# Help get rid of go.mail.ru



## Compequip

Hey guys, I d/l a mod. for WOT on a Russian server.  Ever since I get this go.mail.ru crap.  It looks like google in Russian.  I deleted all the files from my control panel and did a search and got rid of what I could.  I run IE9 and I did a search, but here lies my issue.  I go into IE9 properties, programs, manage add ons, search providers and I see this Russian search engine @#$%@mail.ru and I can't get rid of it.  I highlight it or right click and nothing.  On the other search engines like bing or yahoo, you can click on the icon and then on the bottom click remove.  Is there something else I can do?  Help, this is my fault and shouldn't have did the Russian server garbage.  Thanks


----------



## johnb35

If the russian addon is set for default you can't remove it until you set bing or yahoo to default and then you can remove it.  So basically, click on bing or yahoo and then click on set as default.  Then click on the russian one and click on remove.


----------



## Compequip

johnb35 said:


> If the russion addon is set for default you can't remove it until you set bing or bing to default and then you can remove it.  So basically, click on bing or yahoo and then click on set as default.  Then click on the russian one and click on remove.
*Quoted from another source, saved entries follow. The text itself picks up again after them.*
Lemma orbit_within_contract (c : R) :
  c_regular d c -> Rmax k 0 < c ->
  exists q, 0 < q < 1 /\ forall x y r, 0 < r -> orbit_within x y r ->
    exists x' y', orbit_within x' y' (q * r) /\ d x x' <= 2 * r.
Proof.
  intros Hreg Hkc. pose proof (Rmax_r k 0).
  set (k' := (Rmax k 0 + c) / 2).
  destruct (Hreg k' ltac:(unfold k'; lra)) as [mu [alpha [Hmu [Halpha Hball]]]].
  exists (Rmax alpha (1 - mu)).
  pose proof (Rmax_l alpha (1 - mu)). pose proof (Rmax_r alpha (1 - mu)).
  split; [split; [lra | apply Rmax_lub_lt; lra]|].
  intros x y r Hr Hxy.
  assert (dxx : d x x = 0) by (apply (metric_eq0 d Hd); reflexivity).
  destruct (classic (exists s, (1 - mu) * r <= d x (act s x))) as [[s Hs] | Hnone].
  - assert (Hb : Rmax k 0 * r < k' * ((1 + mu) * r)).
    { assert (Rmax k 0 * r < k' * r) by (apply Rmult_lt_compat_r; unfold k'; lra).
      assert (0 <= k' * (mu * r))
        by (apply Rmult_le_pos; [unfold k'; lra | nra]).
      nra. }
    destruct (orbit_within_step x y r _ s Hxy Hb) as [y' [Hx Hsx]].
    destruct (Hball x (act s x) r Hr Hs) as [z Hz].
    assert (Hzy' : orbit_within z y' (alpha * r)).
    { intros w Hw. apply Hz; unfold cball.
      - specialize (Hx w Hw). nra.
      - exact (Hsx w Hw). }
    exists z, y'. split.
    + apply (orbit_within_le z y' (alpha * r)); [nra | exact Hzy'].
    + pose proof (Hx y' (orbit_self y')). pose proof (Hzy' y' (orbit_self y')).
      pose proof (metric_triangle d Hd x y' z).
      rewrite (metric_sym d Hd y' z) in *. nra.
  - exists x, x. split; [|lra].
    intros w [-> | [s ->]]; [nra|].
    assert (d x (act s x) < (1 - mu) * r)
      by (apply Rnot_le_lt; intros Hle; apply Hnone; eauto).
    nra.
Qed.

Lemma fixed_of_approx_orbits (l : X) (s : S) :
  (forall eps, 0 < eps -> exists x y r, orbit_within x y r /\ d x l + r < eps) ->
  act s l = l.
Proof.
  intros Happrox. pose proof (Rmax_r k 0).
  assert (Hsmall : d l (act s l) <= 0).
  { apply Rle_plus_epsilon. intros eps Heps.
    destruct (Happrox (eps / (1 + Rmax k 0))) as [x [y [r [Hxy Hr]]]].
    { apply Rdiv_lt_0_compat; lra. }
    pose proof (displacement_le l y _ s (orbit_within_shift x l y r Hxy)) as Hdisp.
    rewrite (metric_sym d Hd l x) in Hdisp.
    apply (Rmult_lt_compat_l (1 + Rmax k 0)) in Hr; [|lra].
    replace ((1 + Rmax k 0) * (eps / (1 + Rmax k 0))) with eps in Hr by (field; lra).
    lra. }
  symmetry. apply (metric_eq0 d Hd).
  pose proof (metric_nonneg d Hd l (act s l)). lra.
Qed.

End Action.

Theorem theorem4p1 (X : Type) (d : X -> X -> R)
  (Hd : is_metric d) (Hcomplete : complete_metric d)
  (S : Type) (mul : S -> S -> S) (act : S -> X -> X)
  (Hact : semigroup_action mul act)
  (k : R) (Hk : Rbar_lt (Finite k) (lifschitz_char d))
  (Hyp : forall x y : X,
      Rbar_le (Dsup d x (orbit act y)) (Dsup d x (orbit act x)) ->
      forall s : S,
        Rbar_le
          (Rbar_glb (fun v => exists f, S1_map mul act f /\
                       v = Dsup d (act s x) (orbit act (f (act s y)))))
          (Rbar_mult (Finite k) (Dsup d x (orbit act y)))) :
  (forall x : X, ~ bounded_set d (orbit act x)) \/
  (exists x : X, forall s : S, act s x = x).
Proof.
  destruct (classic (exists x0, bounded_set d (orbit act x0))) as [[x0 Hb] | Hnone];
    [right | left; intros x Hx; apply Hnone; exists x; exact Hx].
  destruct (bounded_orbit_within d act Hd x0 Hb) as [r0 [Hr0 Hx0]].
  destruct (lifschitz_char_gt_regular d k Hk) as [c [Hkc Hreg]].
  destruct (orbit_within_contract d mul act Hd Hact k Hyp c Hreg Hkc)
    as [q [Hq Hcontract]].
  set (P := fun x r => exists y, orbit_within d act x y r).
  assert (Hstep : forall x r, 0 < r -> P x r ->
                    exists x', P x' (q * r) /\ d x x' <= 2 * r).
  { intros x r Hr [y Hxy].
    destruct (Hcontract x y r Hr Hxy) as [x' [y' [Hx'y' Hxx']]].
    exists x'. split; [exists y'|]; assumption. }
  destruct (descent_limit d Hd P q Hq Hstep x0 r0 Hcomplete Hr0 (ex_intro _ x0 Hx0))
    as [l Hl].
  exists l. intros s.
  apply (fixed_of_approx_orbits d mul act Hd Hact k Hyp l s).
  intros eps Heps. destruct (Hl eps Heps) as [x [r [[y Hxy] Hr]]]. eauto.
Qed.
Lemma osc_derives c s : 1 < s ->
  is_derive (osc c) s (osc1 c s) /\ is_derive (osc1 c) s (osc2 c s) /\ ex_derive (osc2 c) s.
Proof.
  intros Hs. pose proof (sqrt_gt_1 s Hs). unfold osc, osc1, osc2, osc_poly1, osc_poly2.
  split; [|split].
  - auto_derive; [repeat split; lra|]. unfold Rminus. field. repeat split; lra.
  - auto_derive; [repeat split; lra|]. unfold Rminus. field. repeat split; lra.
  - auto_derive. repeat split; lra.
Qed.

Lemma osc_polys_bound S C T Th U :
  Rabs S <= 1 -> Rabs C <= 1 -> Rabs T <= 1 -> Rabs Th <= 3 * U -> 1 <= U ->
  Rabs (S * T) <= 100 * U ^ 4 /\
  Rabs (osc_poly1 S C T Th U) <= 100 * U ^ 4 /\
  Rabs (osc_poly2 S C T Th U) <= 100 * U ^ 4.
Proof.
  intros HS HC HT HTh HU. assert (HU' : Rabs U <= U) by (rewrite Rabs_pos_eq; lra).
  assert (U <= U ^ 2) by nra. assert (U ^ 2 <= U ^ 3) by nra. assert (U ^ 3 <= U ^ 4) by nra.
  unfold osc_poly1, osc_poly2.
  split; [|split]; (eapply Rle_trans; [bound_Rabs|]); ring_simplify; lra.
Qed.

Lemma osc_args_bound s : 1 < s < 2 ->
  1 <= / (s - 1) /\ Rabs (/ sqrt s) <= 1 /\ Rabs (/ (sqrt s - 1)) <= 3 * / (s - 1).
Proof.
  intros Hs. pose proof (sqrt_gt_1 s ltac:(lra)) as Hs1.
  assert (Hs2 : sqrt s < 2).
  { rewrite <- (sqrt_square 2) by lra. apply sqrt_lt_1_alt. lra. }
  assert (Hsq : sqrt s * sqrt s = s) by (apply sqrt_sqrt; lra).
  split; [|split].
  - rewrite <- Rinv_1. apply Rinv_le_contravar; lra.
  - rewrite Rabs_pos_eq by (left; apply Rinv_0_lt_compat; lra).
    rewrite <- Rinv_1. apply Rinv_le_contravar; lra.
  - rewrite Rabs_pos_eq by (left; apply Rinv_0_lt_compat; lra).
    replace (/ (sqrt s - 1)) with ((sqrt s + 1) * / (s - 1)).
    + apply Rmult_le_compat_r; [left; apply Rinv_0_lt_compat|]; lra.
    + replace (s - 1) with ((sqrt s - 1) * (sqrt s + 1)) by nra. field. lra.
Qed.

Lemma osc_flat c :
  flat_at_right 1 (osc c) /\ flat_at_right 1 (osc1 c) /\ flat_at_right 1 (osc2 c).
Proof.
  assert (Hbound : forall s, 1 < s < 1 + 1 ->
    Rabs (sin (/ (sqrt s - 1) + c) * / sqrt s) <= 100 * (/ (s - 1)) ^ 4 /\
    Rabs (osc_poly1 (sin (/ (sqrt s - 1) + c)) (cos (/ (sqrt s - 1) + c))
            (/ sqrt s) (/ (sqrt s - 1)) (/ (s - 1))) <= 100 * (/ (s - 1)) ^ 4 /\
    Rabs (osc_poly2 (sin (/ (sqrt s - 1) + c)) (cos (/ (sqrt s - 1) + c))
            (/ sqrt s) (/ (sqrt s - 1)) (/ (s - 1))) <= 100 * (/ (s - 1)) ^ 4).
  { intros s Hs. destruct (osc_args_bound s ltac:(lra)) as [HU [HT HTh]].
    apply osc_polys_bound; auto; apply Rabs_le; auto using SIN_bound, COS_bound. }
  split; [|split]; apply (flat_at_right_of_exp_bound _ _ 100); intros s Hs;
    [unfold osc; rewrite Rmult_assoc| unfold osc1| unfold osc2];
    apply Rabs_exp_mult_le, Hbound, Hs.
Qed.

Definition sqnorm2 (x : R * R) : R := fst x * fst x + snd x * snd x.

Lemma filterdiff_comp_is_derive (f : R * R -> R) (g : R -> R) x lf l :
  filterdiff f (locally x) lf -> is_derive g (f x) l ->
  filterdiff (fun y => g (f y)) (locally x) (fun h => lf h * l).
Proof. intros Hf Hg. exact (filterdiff_comp' f g x lf (fun h => scal h l) Hf Hg). Qed.

Lemma filterdiff_fst (x : R * R) : filterdiff fst (locally x) fst.
Proof. apply filterdiff_linear, is_linear_fst. Qed.

Lemma filterdiff_snd (x : R * R) : filterdiff snd (locally x) snd.
Proof. apply filterdiff_linear, is_linear_snd. Qed.

Lemma filterdiff_Rplus (f g : R * R -> R) x lf lg :
  filterdiff f (locally x) lf -> filterdiff g (locally x) lg ->
  filterdiff (fun y => f y + g y) (locally x) (fun h => lf h + lg h).
Proof. exact (filterdiff_plus_fct (K := R_AbsRing) f g lf lg). Qed.

Lemma filterdiff_Rminus (f g : R * R -> R) x lf lg :
  filterdiff f (locally x) lf -> filterdiff g (locally x) lg ->
  filterdiff (fun y => f y - g y) (locally x) (fun h => lf h - lg h).
Proof. exact (filterdiff_minus_fct (K := R_AbsRing) f g lf lg). Qed.

Lemma filterdiff_Rmult (f g : R * R -> R) x lf lg :
  filterdiff f (locally x) lf -> filterdiff g (locally x) lg ->
  filterdiff (fun y => f y * g y) (locally x) (fun h => lf h * g x + f x * lg h).
Proof. exact (filterdiff_mult_fct (K := R_AbsRing) f g x lf lg Rmult_comm). Qed.

Lemma filterdiff_sqnorm2 x :
  filterdiff sqnorm2 (locally x) (fun h => 2 * (fst x * fst h + snd x * snd h)).
Proof.
  eapply filterdiff_ext_lin.
  - apply filterdiff_Rplus; apply filterdiff_Rmult;
      [apply filterdiff_fst|apply filterdiff_fst|apply filterdiff_snd|apply filterdiff_snd].
  - intros h. simpl. ring.
Qed.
Thank you, I didn't even see the default listed there.  That's what it was, :good:.  I went everywhere to delete it.  I ran Malwarebytes and Superantispyware, Super did find .ru adware cookies.  I think it's all gone now, again thanks John......


----------



## johnb35

Your welcome.  Even though I just reread what I typed and seen that I made some typing errors and had to edit the post.  I'm still not awake. lol


----------